Provided data Block Start

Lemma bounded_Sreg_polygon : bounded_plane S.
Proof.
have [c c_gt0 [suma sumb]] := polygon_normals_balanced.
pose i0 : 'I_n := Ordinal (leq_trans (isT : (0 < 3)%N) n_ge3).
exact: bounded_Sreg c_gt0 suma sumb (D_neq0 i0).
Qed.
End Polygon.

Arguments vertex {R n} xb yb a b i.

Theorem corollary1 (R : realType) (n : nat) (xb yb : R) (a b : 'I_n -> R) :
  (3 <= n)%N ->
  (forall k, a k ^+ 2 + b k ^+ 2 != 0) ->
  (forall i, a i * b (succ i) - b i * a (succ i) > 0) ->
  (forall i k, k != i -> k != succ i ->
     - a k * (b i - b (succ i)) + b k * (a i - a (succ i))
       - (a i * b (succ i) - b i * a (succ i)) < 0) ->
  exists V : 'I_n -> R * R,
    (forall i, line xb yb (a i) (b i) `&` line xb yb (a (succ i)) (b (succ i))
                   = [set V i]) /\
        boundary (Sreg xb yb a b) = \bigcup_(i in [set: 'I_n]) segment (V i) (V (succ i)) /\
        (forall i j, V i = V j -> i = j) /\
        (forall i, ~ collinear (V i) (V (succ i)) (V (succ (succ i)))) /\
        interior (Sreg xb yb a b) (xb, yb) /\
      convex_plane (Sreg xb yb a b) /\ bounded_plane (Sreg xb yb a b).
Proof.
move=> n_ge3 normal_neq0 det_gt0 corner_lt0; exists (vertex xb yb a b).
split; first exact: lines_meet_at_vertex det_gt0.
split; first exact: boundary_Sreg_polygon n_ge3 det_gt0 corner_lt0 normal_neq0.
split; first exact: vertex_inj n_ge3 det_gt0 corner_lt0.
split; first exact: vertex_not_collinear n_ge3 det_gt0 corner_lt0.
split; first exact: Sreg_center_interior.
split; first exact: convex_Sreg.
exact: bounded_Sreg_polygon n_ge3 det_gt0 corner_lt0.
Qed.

Provided data Block End

■ Try it ■
Output the entries above in their entirety, exactly as written.

■ Task result ■
Lemma bounded_Sreg_polygon : bounded_plane S.
Proof.
have [c c_gt0 [suma sumb]] := polygon_normals_balanced.
pose i0 : 'I_n := Ordinal (leq_trans (isT : (0 < 3)%N) n_ge3).
exact: bounded_Sreg c_gt0 suma sumb (D_neq0 i0).
Qed.
End Polygon.

Arguments vertex {R n} xb yb a b i.

Theorem corollary1 (R : realType) (n : nat) (xb yb : R) (a b : 'I_n -> R) :
  (3 <= n)%N ->
  (forall k, a k ^+ 2 + b k ^+ 2 != 0) ->
  (forall i, a i * b (succ i) - b i * a (succ i) > 0) ->
  (forall i k, k != i -> k != succ i ->
     - a k * (b i - b (succ i)) + b k * (a i - a (succ i))
       - (a i * b (succ i) - b i * a (succ i)) < 0) ->
  exists V : 'I_n -> R * R,
    (forall i, line xb yb (a i) (b i) `&` line xb yb (a (succ i)) (b (succ i))
                   = [set V i]) /\
        boundary (Sreg xb yb a b) = \bigcup_(i in [set: 'I_n]) segment (V i) (V (succ i)) /\
        (forall i j, V i = V j -> i = j) /\
        (forall i, ~ collinear (V i) (V (succ i)) (V (succ (succ i)))) /\
        interior (Sreg xb yb a b) (xb, yb) /\
      convex_plane (Sreg xb yb a b) /\ bounded_plane (Sreg xb yb a b).
Proof.
move=> n_ge3 normal_neq0 det_gt0 corner_lt0; exists (vertex xb yb a b).
split; first exact: lines_meet_at_vertex det_gt0.
split; first exact: boundary_Sreg_polygon n_ge3 det_gt0 corner_lt0 normal_neq0.
split; first exact: vertex_inj n_ge3 det_gt0 corner_lt0.
split; first exact: vertex_not_collinear n_ge3 det_gt0 corner_lt0.
split; first exact: Sreg_center_interior.
split; first exact: convex_Sreg.
exact: bounded_Sreg_polygon n_ge3 det_gt0 corner_lt0.
Qed.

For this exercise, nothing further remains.